Simple. There are two countries (one complete, one in part) on the island. Thus perfectly reasonable for someone from one to consider the other foreign. Though I've never lived in Brazil, I imagine I'd find it slightly more foreign, mind.
Unionists claim that they want to keep their British identity and then get all upset when us Taigs agree that that is what they are
I only get upset/ puzzled when others try to take away my Irish identity. No problems with anyone calling me a Brit.
Not in comparison with the rest of the population
There would have been a larger disaffected minority, in obvious absolute numbers, had Ireland been given Home Rule without partition after 1918. Partition was thus a utilitarian alternative (basically, the minimum displacement for the smallest number).
all Irish leaders - including DeValera - recognised that Unionists would have had to have autonomy
Even the most accommodating unionists of the time were unlikely to have been confident that this recognition would be followed up in practice. Not that most unionists at the time were particularly accommodating, of course. They saw the threat of a Sinn Fein government enforcing a (32 county) Irish Republic...
Pat O' Banton
06/10/2004, 7:48 PM
I think the biggest mistake in the past 100 years was the actual partition line, if they have partitioned along electoral constituency lines then NI would have been smaller ( 3 counties + fractions of 2 others ) but the Unioinsts would have had a much larger majority
The whole point of the way that partition drawn up was to give the Unionists as big (and therefore economically viable) state as possible, that, however would never hava a Nationalist majority
The Unionists (I think) refused both a four county partitioned state (Down, Derry, Armagh and Antrim) on the grounds that it was basically not economical and also refused an Ulster state (including Donegal, Cavan and Monaghan) on the grounds that the Unionist majority was two thin and would have been eroded meaning incorperation into an All Ireland state.
1MickCollins
06/10/2004, 11:06 PM
We should probably stop now as football seems a distant concern for this thread. Ulster was always the most industial of the provinces and that was concentrated primarily in Belfast and generally in Tyrone, Antrim and Down, I think the smaller state with an overwhelming Unionist majority would have been more viable than the current arrangement.
Pat O' Banton
07/10/2004, 8:35 AM
We should probably stop now as football seems a distant concern for this thread. Ulster was always the most industial of the provinces and that was concentrated primarily in Belfast and generally in Tyrone, Antrim and Down, I think the smaller state with an overwhelming Unionist majority would have been more viable than the current arrangement.
See post above, it was not. Partition was originally proposed as a compromise on the Home Home Rule Bill - as 'Orange bitters and Irish malts do not mix' sorry can't remember the MP who proposed Four County partition and said this - but was refused as the state was not viable. Indeed one of the reason that Collins accepted partition was because he believed that the boundary commission who so drastically cut the geographical area of the north to make it unworkable - of course believing that the Unionist would give up an inch of land once they had possesion of it was hopelessly optimistic to say the least.

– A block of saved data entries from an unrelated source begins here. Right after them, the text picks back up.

(* Let $A=(A,\wedge,\vee,\cdot,\to,1)$ be a $\mathsf{DLCMI}$ and $a,b\in A$. Then $(a,b)\in R(a,b)$, and $R(a,b)$ is a congruence of the lattice reduct $(A,\wedge,\vee)$ of $A$.
   Context: An algebra $(A,\wedge,\vee,\cdot,\to,1)$ of type $(2,2,2,2,0)$ is a $\mathsf{DLCMI}$ if for all $a,b,c\in A$: (1) $(A,\wedge,\vee)$ is a distributive lattice; (2) $1$ is its largest element; (3) $(A,\cdot,1)$ is a commutative monoid; (4) $(a\to b)\wedge(a\to c)=a\to(b\wedge c)$; (5) $(a\to c)\wedge(b\to c)=(a\vee b)\to c$; (6) $a\to a=1$; (7) $(a\vee b)\cdot c=(a\cdot c)\vee(b\cdot c)$; (8) $(a\to b)\cdot(b\to c)\le a\to c$; (9) $a\to b\le (a\cdot c)\to(b\cdot c)$. Notation: $x^0=1$, $x^{m}=x\cdot x^{m-1}$; $\square(x)=1\to x$, $\square^0(x)=x$, $\square^{m}$ the $m$-fold iterate; $x\leftrightarrow y=(x\to y)\wedge(y\to x)$; $t_n(a,b)=\square^0(a\leftrightarrow b)\wedge\square(a\leftrightarrow b)\wedge\cdots\wedge\square^n(a\leftrightarrow b)$; $t_n^k(a,b)=(t_n(a,b))^k$. $R(a,b)$ is the binary relation on $A$ with $(c,d)\in R(a,b)$ iff there exist natural numbers $n,k$ such that (C1) $t_n^k(a,b)\cdot(c\wedge a\wedge b)\le d\wedge a\wedge b$ and $t_n^k(a,b)\cdot(d\wedge a\wedge b)\le c\wedge a\wedge b$; (C2) $t_n^k(a,b)\cdot(c\vee a\vee b)\le d\vee a\vee b$ and $t_n^k(a,b)\cdot(d\vee a\vee b)\le c\vee a\vee b$; (C3) $t_n^k(a,b)\le c\leftrightarrow d$. *)

From Stdlib Require Import PeanoNat.

Record DLCMI := {
  car :> Type;
  meet : car -> car -> car;
  join : car -> car -> car;
  mul  : car -> car -> car;
  imp  : car -> car -> car;
  one  : car;
  meetC : forall x y, meet x y = meet y x;
  joinC : forall x y, join x y = join y x;
  meetA : forall x y z, meet x (meet y z) = meet (meet x y) z;
  joinA : forall x y z, join x (join y z) = join (join x y) z;
  meet_absorb : forall x y, meet x (join x y) = x;
  join_absorb : forall x y, join x (meet x y) = x;
  distr : forall x y z, meet x (join y z) = join (meet x y) (meet x z);
  le_one : forall x, meet x one = x;
  mulA : forall x y z, mul x (mul y z) = mul (mul x y) z;
  mulC : forall x y, mul x y = mul y x;
  mul1 : forall x, mul x one = x;
  ax4 : forall x y z, meet (imp x y) (imp x z) = imp x (meet y z);
  ax5 : forall x y z, meet (imp x z) (imp y z) = imp (join x y) z;
  ax6 : forall x, imp x x = one;
  ax7 : forall x y z, mul (join x y) z = join (mul x z) (mul y z);
  ax8 : forall x y z, meet (mul (imp x y) (imp y z)) (imp x z) = mul (imp x y) (imp y z);
  ax9 : forall x y z, meet (imp x y) (imp (mul x z) (mul y z)) = imp x y
}.

Arguments meet {_}. Arguments join {_}. Arguments mul {_}. Arguments imp {_}.
Arguments one {_}.

Definition le {A : DLCMI} (x y : A) : Prop := meet x y = x.

Fixpoint pow {A : DLCMI} (x : A) (m : nat) : A :=
  match m with 0 => one | S m' => mul x (pow x m') end.

Definition box {A : DLCMI} (x : A) : A := imp one x.
Definition boxn {A : DLCMI} (m : nat) (x : A) : A := Nat.iter m box x.

Definition biimp {A : DLCMI} (x y : A) : A := meet (imp x y) (imp y x).

Fixpoint tn {A : DLCMI} (n : nat) (a b : A) : A :=
  match n with
  | 0 => boxn 0 (biimp a b)
  | S n' => meet (tn n' a b) (boxn (S n') (biimp a b))
  end.

Definition tnk {A : DLCMI} (n k : nat) (a b : A) : A := pow (tn n a b) k.

Definition R {A : DLCMI} (a b : A) (c d : A) : Prop :=
  exists n k : nat,
    (le (mul (tnk n k a b) (meet c (meet a b))) (meet d (meet a b)) /\
     le (mul (tnk n k a b) (meet d (meet a b))) (meet c (meet a b))) /\
    (le (mul (tnk n k a b) (join c (join a b))) (join d (join a b)) /\
     le (mul (tnk n k a b) (join d (join a b))) (join c (join a b))) /\
    le (tnk n k a b) (biimp c d).

Definition lattice_congruence {A : DLCMI} (Rel : A -> A -> Prop) : Prop :=
  (forall x, Rel x x) /\
  (forall x y, Rel x y -> Rel y x) /\
  (forall x y z, Rel x y -> Rel y z -> Rel x z) /\
  (forall x y x' y', Rel x y -> Rel x' y' -> Rel (meet x x') (meet y y')) /\
  (forall x y x' y', Rel x y -> Rel x' y' -> Rel (join x x') (join y y')).

(* Say that t certifies (c, d) when t·(c ∧ p) ≤ d ∧ p, t·(d ∧ p) ≤ c ∧ p, the same with
   ∨ q, and t ≤ c ↔ d.  Certification is stable under lowering t, symmetric, reflexive
   for every t, composable (t certifies (c, d) and s certifies (d, e) give t·s certifying
   (c, e), by axioms (8) and (9)) and compatible with ∧ and ∨ (by distributivity and
   axioms (4), (5), (7)).  Hence "some member of a family certifies (c, d)" is a lattice
   congruence as soon as the family is directed under products, which the elements
   t_n^k(a, b) are: t_(n+n')^(k+k') ≤ t_n^k · t_n'^k'.  Finally t_0^1(a, b) = a ↔ b,
   and a, b both lie between a ∧ b and a ∨ b, so (a, b) is certified. *)
From Stdlib Require Import PeanoNat.

Section Lattice.
Context {A : DLCMI}.
Implicit Types x y z u v t s : A.

Lemma le_refl x : le x x.
Proof. unfold le. rewrite <- (join_absorb _ x x) at 2. apply meet_absorb. Qed.

Lemma le_trans x y z : le x y -> le y z -> le x z.
Proof. unfold le; intros Hxy Hyz. rewrite <- Hxy, <- meetA, Hyz. reflexivity. Qed.

Lemma le_join x y : le x y <-> join x y = y.
Proof.
  unfold le; split; intro H.
  - rewrite <- H, joinC, meetC. apply join_absorb.
  - rewrite <- H. apply meet_absorb.
Qed.

Lemma le_meet_l x y : le (meet x y) x.
Proof. unfold le. rewrite (meetC _ x y), <- meetA, le_refl. reflexivity. Qed.

Lemma le_meet_r x y : le (meet x y) y.
Proof. unfold le. rewrite <- meetA, le_refl. reflexivity. Qed.

Lemma le_meet_glb x y z : le x y -> le x z -> le x (meet y z).
Proof. unfold le; intros Hy Hz. rewrite meetA, Hy, Hz. reflexivity. Qed.

Lemma le_join_l x y : le x (join x y).
Proof. apply meet_absorb. Qed.

Lemma le_join_r x y : le y (join x y).
Proof. rewrite joinC. apply le_join_l. Qed.

Lemma le_join_lub x y z : le x z -> le y z -> le (join x y) z.
Proof. rewrite !le_join; intros Hx Hy. rewrite <- joinA, Hy, Hx. reflexivity. Qed.

Lemma meet_idPr x y : le x y -> meet y x = x.
Proof. intro H. rewrite meetC. exact H. Qed.

Lemma meetACA_r x y z : meet (meet x y) z = meet (meet x z) (meet y z).
Proof.
  rewrite <- (meetA _ x z), (meetC _ y z), (meetA _ z z y), le_refl, (meetC _ z y).
  symmetry. apply meetA.
Qed.

Lemma joinACA_r x y z : join (join x y) z = join (join x z) (join y z).
Proof.
  rewrite <- (joinA _ x z), (joinC _ y z), (joinA _ z z y).
  rewrite (proj1 (le_join z z) (le_refl z)), (joinC _ z y). symmetry. apply joinA.
Qed.

Lemma meet_join_distr_r x y z : meet (join x y) z = join (meet x z) (meet y z).
Proof. rewrite meetC, distr, (meetC _ z x), (meetC _ z y). reflexivity. Qed.

Lemma join_meet_distr_r x y z : join (meet x y) z = meet (join x z) (join y z).
Proof.
  rewrite distr, (meetC _ (join x z) z), (joinC _ x z), meet_absorb.
  rewrite (meetC _ (join z x) y), distr, (joinC _ (meet y z) (meet y x)), <- joinA.
  rewrite (joinC _ (meet y z) z), (meetC _ y z), join_absorb, (meetC _ y x). reflexivity.
Qed.

Lemma le_mul_l x y z : le x y -> le (mul x z) (mul y z).
Proof. rewrite le_join; intro H. rewrite <- H, ax7. apply le_join_l. Qed.

Lemma le_mul x y u v : le x u -> le y v -> le (mul x y) (mul u v).
Proof.
  intros Hxu Hyv. apply le_trans with (mul u y); [now apply le_mul_l|].
  rewrite (mulC _ u y), (mulC _ u v). now apply le_mul_l.
Qed.

Lemma mul_le_l x y : le (mul x y) x.
Proof. rewrite <- (mul1 _ x) at 2. apply le_mul; [apply le_refl | apply le_one]. Qed.

Lemma mul_le_r x y : le (mul x y) y.
Proof. rewrite mulC. apply mul_le_l. Qed.

Lemma mul_le_comp t s x y z :
  le (mul t x) y -> le (mul s y) z -> le (mul (mul t s) x) z.
Proof.
  intros Ht Hs. rewrite (mulC _ t s), <- mulA.
  apply le_trans with (mul s y); [apply le_mul; [apply le_refl | exact Ht] | exact Hs].
Qed.

Lemma mul_joinr t x y : mul t (join x y) = join (mul t x) (mul t y).
Proof. rewrite mulC, ax7, (mulC _ x), (mulC _ y). reflexivity. Qed.

Lemma mul_le_meet t x y u v :
  le (mul t x) u -> le (mul t y) v -> le (mul t (meet x y)) (meet u v).
Proof.
  intros Hx Hy. apply le_meet_glb.
  - apply le_trans with (mul t x); [apply le_mul; [apply le_refl | apply le_meet_l] | exact Hx].
  - apply le_trans with (mul t y); [apply le_mul; [apply le_refl | apply le_meet_r] | exact Hy].
Qed.

Lemma mul_le_join t x y u v :
  le (mul t x) u -> le (mul t y) v -> le (mul t (join x y)) (join u v).
Proof.
  intros Hx Hy. rewrite mul_joinr. apply le_join_lub.
  - apply le_trans with u; [exact Hx | apply le_join_l].
  - apply le_trans with v; [exact Hy | apply le_join_r].
Qed.

Lemma le_imp2r x y z : le y z -> le (imp x y) (imp x z).
Proof. unfold le; intro H. rewrite ax4, H. reflexivity. Qed.

Lemma le_imp2l x y z : le x y -> le (imp y z) (imp x z).
Proof. rewrite le_join; intro H. unfold le. rewrite meetC, ax5, H. reflexivity. Qed.

Lemma le_biimp_imp x y : le (biimp x y) (imp x y).
Proof. apply le_meet_l. Qed.

Lemma le_biimp_imp_rev x y : le (biimp x y) (imp y x).
Proof. apply le_meet_r. Qed.

Lemma biimp_sym x y : biimp x y = biimp y x.
Proof. apply meetC. Qed.

Lemma biimp_trans x y z : le (mul (biimp x y) (biimp y z)) (biimp x z).
Proof.
  apply le_meet_glb.
  - eapply le_trans; [|apply ax8].
    apply le_mul; [apply le_biimp_imp | apply le_biimp_imp].
  - eapply le_trans; [|apply (ax8 _ z y x)]. rewrite mulC.
    apply le_mul; [apply le_biimp_imp_rev | apply le_biimp_imp_rev].
Qed.

Lemma biimp_meet x y u v : le (meet (biimp x u) (biimp y v)) (biimp (meet x y) (meet u v)).
Proof.
  unfold biimp. rewrite <- !ax4. repeat apply le_meet_glb.
  - eapply le_trans; [apply le_meet_l|]. eapply le_trans; [apply le_meet_l|].
    apply le_imp2l, le_meet_l.
  - eapply le_trans; [apply le_meet_r|]. eapply le_trans; [apply le_meet_l|].
    apply le_imp2l, le_meet_r.
  - eapply le_trans; [apply le_meet_l|]. eapply le_trans; [apply le_meet_r|].
    apply le_imp2l, le_meet_l.
  - eapply le_trans; [apply le_meet_r|]. eapply le_trans; [apply le_meet_r|].
    apply le_imp2l, le_meet_r.
Qed.

Lemma biimp_join x y u v : le (meet (biimp x u) (biimp y v)) (biimp (join x y) (join u v)).
Proof.
  unfold biimp. rewrite <- !ax5. repeat apply le_meet_glb.
  - eapply le_trans; [apply le_meet_l|]. eapply le_trans; [apply le_meet_l|].
    apply le_imp2r, le_join_l.
  - eapply le_trans; [apply le_meet_r|]. eapply le_trans; [apply le_meet_l|].
    apply le_imp2r, le_join_r.
  - eapply le_trans; [apply le_meet_l|]. eapply le_trans; [apply le_meet_r|].
    apply le_imp2r, le_join_l.
  - eapply le_trans; [apply le_meet_r|]. eapply le_trans; [apply le_meet_r|].
    apply le_imp2r, le_join_r.
Qed.

End Lattice.

Section Certificates.
Context {A : DLCMI} (p q : A).
Implicit Types x y z t s c d e : A.

(* Laid out as the body of [R], so that [R a b] is convertible to
   [certified (meet a b) (join a b) (fun n k => tnk n k a b)] below. *)
Definition certifies t c d : Prop :=
  (le (mul t (meet c p)) (meet d p) /\ le (mul t (meet d p)) (meet c p)) /\
  (le (mul t (join c q)) (join d q) /\ le (mul t (join d q)) (join c q)) /\
  le t (biimp c d).

Lemma certifies_le s t c d : le s t -> certifies t c d -> certifies s c d.
Proof.
  intros Hst [[Hm1 Hm2] [[Hj1 Hj2] Hb]].
  repeat split; try (eapply le_trans; [apply le_mul_l, Hst | assumption]).
  eapply le_trans; eassumption.
Qed.

Lemma certifies_refl t c : certifies t c c.
Proof.
  repeat split; try apply mul_le_r.
  apply le_meet_glb; rewrite ax6; apply le_one.
Qed.

Lemma certifies_sym t c d : certifies t c d -> certifies t d c.
Proof. unfold certifies. rewrite biimp_sym. tauto. Qed.

Lemma certifies_trans t s c d e :
  certifies t c d -> certifies s d e -> certifies (mul t s) c e.
Proof.
  intros [[Hm1 Hm2] [[Hj1 Hj2] Hb]] [[Gm1 Gm2] [[Gj1 Gj2] Gb]].
  repeat split.
  - eapply mul_le_comp; [exact Hm1 | exact Gm1].
  - rewrite (mulC _ t s). eapply mul_le_comp; [exact Gm2 | exact Hm2].
  - eapply mul_le_comp; [exact Hj1 | exact Gj1].
  - rewrite (mulC _ t s). eapply mul_le_comp; [exact Gj2 | exact Hj2].
  - eapply le_trans; [apply le_mul; [exact Hb | exact Gb] | apply biimp_trans].
Qed.

Lemma certifies_meet t c d c' d' :
  certifies t c d -> certifies t c' d' -> certifies t (meet c c') (meet d d').
Proof.
  intros [[Hm1 Hm2] [[Hj1 Hj2] Hb]] [[Gm1 Gm2] [[Gj1 Gj2] Gb]].
  unfold certifies.
  rewrite (meetACA_r c c' p), (meetACA_r d d' p).
  rewrite (join_meet_distr_r c c' q), (join_meet_distr_r d d' q).
  repeat split; try (apply mul_le_meet; assumption).
  eapply le_trans; [apply le_meet_glb; [exact Hb | exact Gb] | apply biimp_meet].
Qed.

Lemma certifies_join t c d c' d' :
  certifies t c d -> certifies t c' d' -> certifies t (join c c') (join d d').
Proof.
  intros [[Hm1 Hm2] [[Hj1 Hj2] Hb]] [[Gm1 Gm2] [[Gj1 Gj2] Gb]].
  unfold certifies.
  rewrite (meet_join_distr_r c c' p), (meet_join_distr_r d d' p).
  rewrite (joinACA_r c c' q), (joinACA_r d d' q).
  repeat split; try (apply mul_le_join; assumption).
  eapply le_trans; [apply le_meet_glb; [exact Hb | exact Gb] | apply biimp_join].
Qed.

Lemma certifies_between t c d :
  le p c -> le p d -> le c q -> le d q -> le t (biimp c d) -> certifies t c d.
Proof.
  intros Hpc Hpd Hcq Hdq Hb. unfold certifies.
  rewrite (meet_idPr _ _ Hpc), (meet_idPr _ _ Hpd).
  rewrite (proj1 (le_join _ _) Hcq), (proj1 (le_join _ _) Hdq).
  repeat split; try apply mul_le_r. exact Hb.
Qed.

End Certificates.

Section DirectedFamily.
Context {A : DLCMI} (p q : A) (f : nat -> nat -> A).
Hypothesis f_mul_directed :
  forall n1 k1 n2 k2, exists n k, le (f n k) (mul (f n1 k1) (f n2 k2)).

Definition certified (c d : A) : Prop := exists n k, certifies p q (f n k) c d.

Lemma certified_congruence : lattice_congruence certified.
Proof.
  split; [|split; [|split; [|split]]].
  - intro c. exists 0, 0. apply certifies_refl.
  - intros c d [n [k H]]. exists n, k. now apply certifies_sym.
  - intros c d e [n1 [k1 H]] [n2 [k2 G]].
    destruct (f_mul_directed n1 k1 n2 k2) as [n [k Hle]].
    exists n, k. apply certifies_le with (1 := Hle).
    eapply certifies_trans; [exact H | exact G].
  - intros c d c' d' [n1 [k1 H]] [n2 [k2 G]].
    destruct (f_mul_directed n1 k1 n2 k2) as [n [k Hle]].
    exists n, k. apply certifies_meet.
    + apply certifies_le with (2 := H).
      apply le_trans with (1 := Hle), mul_le_l.
    + apply certifies_le with (2 := G).
      apply le_trans with (1 := Hle), mul_le_r.
  - intros c d c' d' [n1 [k1 H]] [n2 [k2 G]].
    destruct (f_mul_directed n1 k1 n2 k2) as [n [k Hle]].
    exists n, k. apply certifies_join.
    + apply certifies_le with (2 := H).
      apply le_trans with (1 := Hle), mul_le_l.
    + apply certifies_le with (2 := G).
      apply le_trans with (1 := Hle), mul_le_r.
Qed.

End DirectedFamily.

Section Tn.
Context {A : DLCMI}.
Implicit Types x y a b : A.

Lemma pow_add x k m : pow x (k + m) = mul (pow x k) (pow x m).
Proof.
  induction k as [|k IHk]; simpl.
  - rewrite mulC, mul1. reflexivity.
  - rewrite IHk, mulA. reflexivity.
Qed.

Lemma le_pow x y k : le x y -> le (pow x k) (pow y k).
Proof. intro H. induction k; simpl; [apply le_refl | now apply le_mul]. Qed.

Lemma tn_le_add n m a b : le (tn (n + m) a b) (tn n a b).
Proof.
  induction m as [|m IHm].
  - rewrite Nat.add_0_r. apply le_refl.
  - rewrite Nat.add_succ_r. simpl. eapply le_trans; [apply le_meet_l | exact IHm].
Qed.

Lemma tnk_mul_directed a b n1 k1 n2 k2 :
  exists n k, le (tnk n k a b) (mul (tnk n1 k1 a b) (tnk n2 k2 a b)).
Proof.
  exists (n1 + n2), (k1 + k2). unfold tnk. rewrite pow_add.
  apply le_mul; apply le_pow; [|rewrite Nat.add_comm]; apply tn_le_add.
Qed.

Lemma tnk_0_1 a b : tnk 0 1 a b = biimp a b.
Proof. apply mul1. Qed.

End Tn.

Theorem lemma3p6 (A : DLCMI) (a b : A) :
  R a b a b /\ lattice_congruence (R a b).
Proof.
  split.
  - exists 0, 1. apply certifies_between.
    + apply le_meet_l.
    + apply le_meet_r.
    + apply le_join_l.
    + apply le_join_r.
    + rewrite tnk_0_1. apply le_refl.
  - apply (certified_congruence (meet a b) (join a b) (fun n k => tnk n k a b)).
    apply tnk_mul_directed.
Qed.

Anyway regardless of the the geographical area, I personally believe that partition of any part of Ireland has and would always have proved an unfortunate scar on the land. Discrimination would still have existed regardless of the area and it has to be presumed that there would have been some reaction to this.
Equally as many Republicans came from the Belfast area and indeed the south the area partitioned would be irrelevent, Belfast would be included in the area and there would have been Republicanism there and some people in the south have shown that they violently disagree with partition.
*Please note this is not a post agreeing or disagreeing with Republicanism, simply stating my view of the situation.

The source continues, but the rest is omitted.